A neutral depiction is without bias in the selection or presentation of financial information. A neutral depiction is not slanted, weighted, emphasised, de-emphasised or otherwise manipulated to increase the probability that financial information will be received favourably or unfavourably by users. Neutral information does not mean information with no purpose or no influence on behaviour.
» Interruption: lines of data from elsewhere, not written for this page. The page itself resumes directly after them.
Lemma hmul_hb (u v : I) : hmul (hb K u) (hb K v) = hbmul K u v.
Proof. by rewrite hmul_hbl sum_hb_coord. Qed.

Lemma sgn0 : sgn K 0 = 1. Proof. by []. Qed.
Lemma sgn1 : sgn K 1 = -1. Proof. by rewrite /sgn expr1. Qed.
Lemma sgnD a b : sgn K (a + b) = sgn K a * sgn K b.
Proof. by rewrite /sgn exprD. Qed.
Lemma sgnK a : sgn K a * sgn K a = 1.
Proof. by rewrite /sgn -expr2 sqrr_sign. Qed.

Lemma cross0s (T : {set 'I_n.-1}) : cross set0 T = 0%N.
Proof. by apply/eqP; rewrite cards_eq0; apply/eqP/setP => p; rewrite !inE. Qed.

Lemma crosss0 (T : {set 'I_n.-1}) : cross T set0 = 0%N.
Proof. by apply/eqP; rewrite cards_eq0; apply/eqP/setP => p; rewrite !inE andbF. Qed.

Lemma cross11 (i j : 'I_n.-1) : cross [set i] [set j] = (j < i)%N.
Proof.
rewrite /cross (_ : [set _ | _] = if (j < i)%N then [set (i, j)] else set0).
  by case: ifP; rewrite ?cards1 ?cards0.
apply/setP => -[a b]; rewrite !inE /=.
by case: ifP => ji; rewrite ?inE ?xpair_eqE; case: (a =P i) => [->|];
   case: (b =P j) => [->|]; rewrite ?ji.
Qed.

Lemma hbmul1l (v : I) : hbmul K (false, set0) v = hb K v.
Proof.
case: v => d R; rewrite /hbmul /= -setI_eq0 set0I eqxx cards0 muln0 cross0s sgn0.
by rewrite scale1r set0U.
Qed.

Lemma hbmul_gl d (R : {set 'I_n.-1}) : hbmul K (true, set0) (d, R) = hb K (~~ d, R).
Proof. by rewrite /hbmul /= -setI_eq0 set0I eqxx cards0 muln0 cross0s sgn0 scale1r set0U. Qed.

Lemma hbmul_xl c (j : 'I_n.-1) d (R : {set 'I_n.-1}) : hbmul K (c, [set j]) (d, R) =
  if j \in R then 0 else sgn K (d + cross [set j] R) *: hb K (c (+) d, j |: R).
Proof. by rewrite /hbmul /= disjoints1 cards1 muln1; case: (j \in R). Qed.

Lemma hmul1l (k : H) : hmul (hb K (false, set0)) k = k.
Proof.
by rewrite hmul_hbl [RHS]hn_expand; apply: eq_bigr => v _; rewrite hbmul1l.
Qed.

Definition hsumb (V : lmodType K) (u : I) (F : H -> H -> V) : V :=
  \sum_(T in powerset u.2)
     sgn K (cross T (u.2 :\: T)) *:
       F (hb K (u.1 (+) odd #|T|, u.2 :\: T)) (hb K (u.1, T)).
Lemma val_bound (wf : wf_game G) (p : policy1 G) (q : policy2 G) :
  valid_pol1 p -> valid_pol2 q -> forall k h, is_hist h ->
  `|val_fuel (@rew1 _ G) p q k h| <= k%:R * rew_bound.
Proof.
move=> Vp Vq; elim=> [|k IH] h Hh /=; first by rewrite normr0 mul0r.
case: ifP => Hterm; first by rewrite normr0 mulr_ge0 ?rew_bound_ge0.
have Hnt : ~~ term (hstate h) by rewrite Hterm.
set c := rew_bound + k%:R * rew_bound.
have -> : k.+1%:R * rew_bound =
    \sum_a1 \sum_a2 \sum_w' step_weight p q h a1 a2 w' * c.
  rewrite -[k.+1]addn1 natrD mulrDl mul1r addrC -/c.
  rewrite -[LHS]mul1r -(step_weight_sum wf Vp Vq Hh Hnt) !big_distrl.
  by apply: eq_bigr => a1 _; rewrite big_distrl; apply: eq_bigr => a2 _;
    rewrite big_distrl.
apply: (le_trans (ler_norm_sum _ _ _)); apply: ler_sum => a1 _.
apply: (le_trans (ler_norm_sum _ _ _)); apply: ler_sum => a2 _.
apply: (le_trans (ler_norm_sum _ _ _)); apply: ler_sum => w' _.
rewrite -/(step_weight p q h a1 a2 w').
have [->|nz] := eqVneq (step_weight p q h a1 a2 w') 0.
  by rewrite !mul0r normr0.
rewrite normrM ger0_norm ?(step_weight_ge0 wf) // ler_wpM2l
  ?(step_weight_ge0 wf) //.
apply: le_trans (ler_normD _ _) _; apply: lerD; first exact: rew_le.
by apply: IH; apply: (step_weight_hist wf Vp Vq Hh Hnt).
Qed.

End Histories.

Section Subgame.
Variable R : realType.
Variable G : game R.
Variables (s : pubstate G) (K : kernel G) (b2 : info2 G -> R).
Hypothesis wf : wf_game G.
On the contrary, relevant financial information is, by definition, capable of making a difference in users’ decisions 

And then he makes the point that: 'To my mind the key message in that paragraph is the reference to the prevention of manipulation…The Conceptual Framework is emphatically not outlawing the application of common sense and caution in the judgments that inevitably need to be made in the production of financial statements'. 
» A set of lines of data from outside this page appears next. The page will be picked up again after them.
Lemma interpolation (b x : D) :
  way_below le b x -> exists c, B c /\ way_below le b c /\ way_below le c x.
Proof.
  intro Hb.
  destruct (wb_sup le b x _ Hb (double_approx_directed x) (double_approx_sup x))
    as [s [[_ [c [Bc [Hsc Hcx]]]] Hbs]].
  exists c. split; [exact Bc | split; [eapply le_wb_trans; eassumption | exact Hcx]].
Qed.

Lemma way_above_open (W : D -> Prop) :
  scott_open le (fun x => exists b, W b /\ way_below le b x).
Proof.
  split.
  - intros x y [b [Wb Hbx]] Hxy. exists b. split; [exact Wb | eapply wb_le_trans; eassumption].
  - intros S x HS Hsup [b [Wb Hbx]].
    destruct (interpolation b x Hbx) as [c [_ [Hbc Hcx]]].
    destruct (wb_sup le c x S Hcx HS Hsup) as [s [Ss Hcs]].
    exists s. split; [exact Ss | exists b; split; [exact Wb | eapply wb_le_trans; eassumption]].
Qed.

Lemma sigma02_robust (P : D -> Prop) (y : D) :
  Sigma02 le P -> P y ->
  exists c, B c /\ way_below le c y /\ forall e, le c e -> le e y -> P e.
Proof.
  intros [U [V [HU [HV HP]]]] Py.
  destruct (proj1 (HP y) Py) as [n [Un Vn]].
  destruct (proj2 Hc y) as [Hdir Hsup].
  destruct (proj2 (HU n) _ _ Hdir Hsup Un) as [c [[Bc Hcy] Uc]].
  exists c. split; [exact Bc | split; [exact Hcy |]]. intros e Hce Hey.
  apply HP. exists n. split.
  - eapply (proj1 (HU n)); eassumption.
  - intro Ve. apply Vn. eapply (proj1 (HV n)); eassumption.
Qed.

Variable A : D -> Prop.
Hypothesis HA : Delta02 le A.

Lemma delta02_robust (y : D) :
  exists c, B c /\ way_below le c y /\ forall e, le c e -> le e y -> (A e <-> A y).
Proof.
  destruct HA as [HS HP]. destruct (classic (A y)) as [Ay | Ay].
  - destruct (sigma02_robust A y HS Ay) as [c [Bc [Hcy Hc']]].
    exists c. split; [exact Bc | split; [exact Hcy |]]. intros e He1 He2. split; auto.
  - destruct (sigma02_robust _ y HP Ay) as [c [Bc [Hcy Hc']]].
    exists c. split; [exact Bc | split; [exact Hcy |]]. intros e He1 He2.
    split; [intro Ae; exfalso; exact (Hc' e He1 He2 Ae) | contradiction].
Qed.

Lemma delta02_robust_above (b y : D) :
  B b -> way_below le b y -> exists d, B d /\ way_below le d y /\ le b d /\ (A d <-> A y).
Proof.
  intros Bb Hby. destruct (delta02_robust y) as [c [Bc [Hcy Hr]]].
  destruct (proj2 (proj1 (proj2 Hc y)) b c) as [d [[Bd Hdy] [Hbd Hcd]]]; [auto | auto |].
  exists d. repeat split; try assumption; apply Hr; try assumption; apply (wb_le le Hd), Hdy.
Qed.

Lemma approx_between (p y : D) :
  way_below le p y -> exists d, B d /\ way_below le p d /\ way_below le d y /\ (A d <-> A y).
Proof.
  intro Hpy. destruct (interpolation p y Hpy) as [c [Bc [Hpc Hcy]]].
  destruct (delta02_robust_above c y Bc Hcy) as [d [Bd [Hdy [Hcd Had]]]].
  exists d. split; [exact Bd | split; [eapply wb_le_trans; eassumption | auto]].
Qed.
To those who ask why the specific word prudence was left out of the Conceptual Framework’s wording he points out that simply: 'The IASB decided to remove the reference to the concept of prudence because it was thought that all too often it had become a cover for bias in the form of excessive conservatism'.  He sees a resonance with the Accounting Directive, which he sees as ‘an unequivocal reaffirmation of the caution principle but without bias which seems to me to be the essence of prudence…' 

He also downplays the importance of the use of the word prudence. ‘It is also, in my view, important to bear in mind that the word itself is not of overriding importance’, he says. 'Although “prudent” is used in domestic and European legislation, it is not totemic. “Prudence” is an abstract concept – like “true and fair” – and its content is capable of variation and evolution; its meaning will change and develop over time. What is important is the concept and behaviour that the language used is seeking to describe and mandate'. 
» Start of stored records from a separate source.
Lemma lift_unique {a b c : R} {q1 q2 : R -> X} :
  {within [|a, b|], continuous q1} -> {within [|a, b|], continuous q2} ->
  (forall u, [|a, b|] u -> f (q1 u) = f (q2 u)) ->
  [|a, b|] c -> q1 c = q2 c -> forall t, [|a, b|] t -> q1 t = q2 t.
Proof.
move=> c1 c2 fq Ic qc.
apply: (@segment_connected_ind _ a b c (fun t => q1 t = q2 t) Ic qc).
- move=> t It qt; have [W [g [oW Wt _ gf _]]] := local_homeo_chart (q1 t).
  have [d1 d10 H1] := within_continuous_near c1 It (open_nbhs_nbhs (conj oW Wt)).
  have Wt' : W (q2 t) by rewrite -qt.
  have [d2 d20 H2] := within_continuous_near c2 It (open_nbhs_nbhs (conj oW Wt')).
  exists (Num.min d1 d2); first by rewrite lt_min d10 d20.
  move=> s Is; rewrite lt_min => /andP [s1 s2].
  by rewrite -(gf _ (H1 s Is s1)) -(gf _ (H2 s Is s2)) fq.
- move=> t It Hn; apply: metric_hausdorff => A B nA nB.
  have [d1 d10 H1] := within_continuous_near c1 It nA.
  have [d2 d20 H2] := within_continuous_near c2 It nB.
  have [s Is []] := Hn (Num.min d1 d2) (ltac:(by rewrite lt_min d10 d20)).
  rewrite lt_min => /andP [s1 s2] qs.
  by exists (q1 s); split; [apply: H1|rewrite qs; apply: H2].
Qed.

Lemma lift_in_chart {a b c : R} {q : R -> X} {p : R -> Y} {W : set X} {g : Y -> X} :
  (forall a, W a -> g (f a) = a) -> {within f @` W, continuous g} ->
  {within [|a, b|], continuous q} -> {within [|a, b|], continuous p} ->
  (forall u, [|a, b|] u -> f (q u) = p u) ->
  (forall u, [|a, b|] u -> (f @` W) (p u)) ->
  [|a, b|] c -> W (q c) -> forall t, [|a, b|] t -> q t = g (p t).
Proof.
move=> gf gc qc pc qp pW Ic Wqc.
apply: (lift_unique qc (within_comp_continuous pc pW gc) _ Ic).
  by move=> u Iu /=; rewrite qp //; have [] := chart_invK gf (pW u Iu).
by rewrite /= -qp ?gf.
Qed.

Lemma lift_near_in_chart {t d s t' : R} {q : R -> X} {p : R -> Y} {W : set X}
    {g : Y -> X} :
  (forall a, W a -> g (f a) = a) -> {within f @` W, continuous g} ->
  {within [|0, 1|], continuous q} -> {within [|0, 1|], continuous p} ->
  (forall u, [|0, 1|] u -> f (q u) = p u) ->
  (forall u, [|0, 1|] u -> `|u - t| < d -> (f @` W) (p u)) ->
  [|0, 1|] s -> [|0, 1|] t' -> `|s - t| < d -> `|t' - t| < d ->
  W (q s) -> q t' = g (p t').
Proof.
move=> gf gc qc pc qp pW Is It' st t't Wqs.
have /in_segmentP [s0 s1] := Is; have /in_segmentP [t'0 t'1] := It'.
move: st t't; rewrite !ltr_norml => /andP [st1 st2] /andP [tt1 tt2].
pose a := Num.min s t'; pose b := Num.max s t'.
have [as_ at'] : a <= s /\ a <= t' by rewrite !ge_min !lexx orbT.
have [sb t'b] : s <= b /\ t' <= b by rewrite !le_max !lexx orbT.
have a0 : 0 <= a by rewrite le_min s0 t'0.
have b1 : b <= 1 by rewrite ge_max s1 t'1.
have ta : t - d < a by rewrite lt_min; apply/andP; split; lra.
have bt : b < t + d by rewrite gt_max; apply/andP; split; lra.
have sub01 : [|a, b|] `<=` [|0, 1|] by apply: subset_segment.
have Ias : [|a, b|] s by apply/in_segmentP.
have Iat' : [|a, b|] t' by apply/in_segmentP.
apply: (lift_in_chart gf gc (continuous_subspaceW sub01 qc)
  (continuous_subspaceW sub01 pc) _ _ Ias Wqs _ Iat').
  by move=> u /sub01; exact: qp.
move=> u /[dup] /sub01 Iu /in_segmentP [u1 u2]; apply: pW => //.
by rewrite ltr_norml; apply/andP; split; lra.
Qed.

Lemma liftable_le {p : R -> Y} {x : X} {s t : R} :
  s <= t -> liftable p x t -> liftable p x s.
Proof.
move=> st [q [qc q0 qp]]; exists q; split => //.
  by apply: continuous_subspaceW qc; apply: subset_segment.
by move=> u Iu; apply: qp; apply: subset_segment Iu.
Qed.

Lemma lift_extend {p : R -> Y} {x : X} {s t : R} {q : R -> X} {W : set X}
    {g : Y -> X} :
  0 <= s -> s <= t -> is_lift p x s q ->
  (forall a, W a -> g (f a) = a) -> {within f @` W, continuous g} ->
  W (q s) -> (forall u, [|s, t|] u -> (f @` W) (p u)) ->
  {within [|s, t|], continuous p} -> liftable p x t.
Proof.
move=> s0 st [qc q0 qp] gf gc Wqs pW pc.
pose q' u := if u <= s then q u else g (p u).
exists q'; split; first last.
- move=> u /in_segmentP [u0 ut]; rewrite /q'; case: ifP => us.
    by apply: qp; apply/in_segmentP.
  have : [|s, t|] u by apply/in_segmentP; split => //; rewrite ltW // ltNge us.
  by move/pW => /(chart_invK gf) [].
- by rewrite /q' s0.
have -> : [|0, t|] = [|0, s|] `|` [|s, t|].
  apply/seteqP; split => u; last first.
    by case=> /in_segmentP [h1 h2]; apply/in_segmentP; split; lra.
  move=> /in_segmentP [u0 ut]; have [us|us] := lerP u s.
    by left; apply/in_segmentP.
  by right; apply/in_segmentP; split => //; rewrite ltW.
apply: withinU_continuous; [exact: interval_closed|exact: interval_closed|..].
- apply: (subspace_eq_continuous _ qc) => u /set_mem /in_segmentP [_ us].
  by rewrite /q' /from_subspace us.
- apply: (subspace_eq_continuous _ (within_comp_continuous pc pW gc)).
  move=> u /set_mem /in_segmentP [su _]; rewrite /q' /from_subspace /=.
  case: ifP => // us; have -> : u = s by apply/eqP; rewrite eq_le us su.
  by rewrite -qp ?gf //; exact: segment_ub.
Qed.

Lemma liftable_near {p : R -> Y} {x : X} {t : R} :
  {within [|0, 1|], continuous p} -> [|0, 1|] t -> liftable p x t ->
  exists2 d : R, 0 < d & forall s, [|0, 1|] s -> `|s - t| < d -> liftable p x s.
Proof.
move=> pc It [q lq]; have [qc _ qp] := lq.
have /in_segmentP [t0 t1] := It.
have [W [g [oW Wq ofW gf gc]]] := local_homeo_chart (q t).
have fWpt : (f @` W) (p t).
  by exists (q t) => //; apply: qp; apply/in_segmentP; split; lra.
have [d d0 Hd] := within_continuous_near pc It (open_nbhs_nbhs (conj ofW fWpt)).
exists d => // s /in_segmentP [s0 s1]; rewrite ltr_norml => /andP [sd1 sd2].
have [st|ts] := lerP s t; first by apply: (liftable_le st); exists q.
apply: (lift_extend t0 (ltW ts) lq gf gc Wq).
  move=> u /in_segmentP [h1 h2]; apply: Hd; first by apply/in_segmentP; split; lra.
  by rewrite ltr_norml; apply/andP; split; lra.
by apply: continuous_subspaceW pc; apply: subset_segment; lra.
Qed.

Section LiftedFamily.
Variables (U : set Y) (H : Y -> R -> Y) (L : Y -> R -> X) (x0 : X).
Hypothesis H_cont :
  {within U `*` `[0, 1]%classic, continuous (fun z : Y * R => H z.1 z.2)}.
Hypothesis H_path : forall y, U y -> {within [|0, 1|], continuous (H y)}.
Hypothesis L_lift : forall y, U y -> is_lift (H y) x0 1 (L y).

Definition lift_continuous_at (y1 : Y) (t : R) :=
  forall N, nbhs (L y1 t) N -> nbhs y1 (fun y => U y -> N (L y t)).

(* Near t, the lifts L y all run through one chart (W, g) and hence agree
   with g \o H y, whose dependence on y is continuous. *)
Lemma lift_continuous_at_transfer y1 t : U y1 -> [|0, 1|] t ->
  exists2 e : R, 0 < e & forall s t', [|0, 1|] s -> [|0, 1|] t' ->
    `|s - t| < e -> `|t' - t| < e ->
    lift_continuous_at y1 s -> lift_continuous_at y1 t'.
Proof.
move=> Uy1 It; have [Lc1 _ Lp1] := L_lift y1 Uy1.
have [W [g [oW Wz ofW gf gc]]] := local_homeo_chart (L y1 t).
have fWH : (f @` W) (H y1 t) by exists (L y1 t) => //; rewrite Lp1.
have [M [nM [d1 d10 HM]]] :=
  jointly_continuous_near H_cont Uy1 It (open_nbhs_nbhs (conj ofW fWH)).
have [d2 d20 HW] := within_continuous_near Lc1 It (open_nbhs_nbhs (conj oW Wz)).
pose e := Num.min d1 d2.
have [ed1 ed2] : e <= d1 /\ e <= d2 by rewrite !ge_min !lexx orbT.
exists e; first by rewrite lt_min d10 d20.
move=> s t' Is It' st t't Ls N nN.
have Wt' : W (L y1 t') by apply: HW (lt_le_trans t't ed2).
have fWt' : (f @` W) (H y1 t') by rewrite -Lp1 //; exists (L y1 t').
have gHt' : g (H y1 t') = L y1 t' by rewrite -Lp1 // gf.
have gN : nbhs (H y1 t') (fun v => (f @` W) v -> N (g v)).
  by move: gc => /subspace_continuousP /(_ _ fWt' N); rewrite /from_subspace gHt'; apply.
have [M' [nM' [d3 d30 HM']]] := jointly_continuous_near H_cont Uy1 It' gN.
have nW : nbhs y1 (fun y => U y -> W (L y s)).
  by apply: Ls; apply: open_nbhs_nbhs; split => //; apply: HW (lt_le_trans st ed2).
apply: filterS (filterI (filterI nW nM) nM') => y [[WLs My] M'y] Uy.
have [Lc _ Lp] := L_lift y Uy.
have inW u : [|0, 1|] u -> `|u - t| < e -> (f @` W) (H y u).
  by move=> Iu ut; apply: HM (lt_le_trans ut ed1).
rewrite (lift_near_in_chart gf gc Lc (H_path y Uy) Lp inW Is It' st t't (WLs Uy)).
by apply: HM'; rewrite ?subrr ?normr0 //; apply: inW.
Qed.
But his Opinion accepts that it would be useful, to avoid future argument, to actually put the word prudence into the Conceptual Framework, just to take away any doubt.  'I would add, however’, he says, ‘that in order to facilitate the adoption by the European Union of further standards developed in accordance with the Conceptual Framework, and given the concern apparently caused by the retirement of the word prudence, this debate could be avoided if the Conceptual Framework, when next published, were to confirm the importance and centrality of caution without bias, and expressly use the term 'prudence' when setting out the principles to be applied when matters to be reflected in the financial statements are uncertain'. 

Moore’s Opinion also knocks the old canard of there being no override available firmly on the head. IAS 1, paragraph 15 ‘[makes] it clear that more than slavish adherence to IFRS is required to achieve fair presentation’. He concludes succinctly: 'Where the express requirement of financial statements is, by paragraph 15 of IAS 1, to achieve fair presentation and the required explanation for departure from an IFRS is that departure was necessary in order to achieve fair presentation, there is simply no reasonable basis for denying the existence of a true and fair override'. 

This Opinion is timely and clear. Anyone with further doubts should sit down quietly and read it through. It only runs to 26 pages. It is short, sweet, and clearly expressed.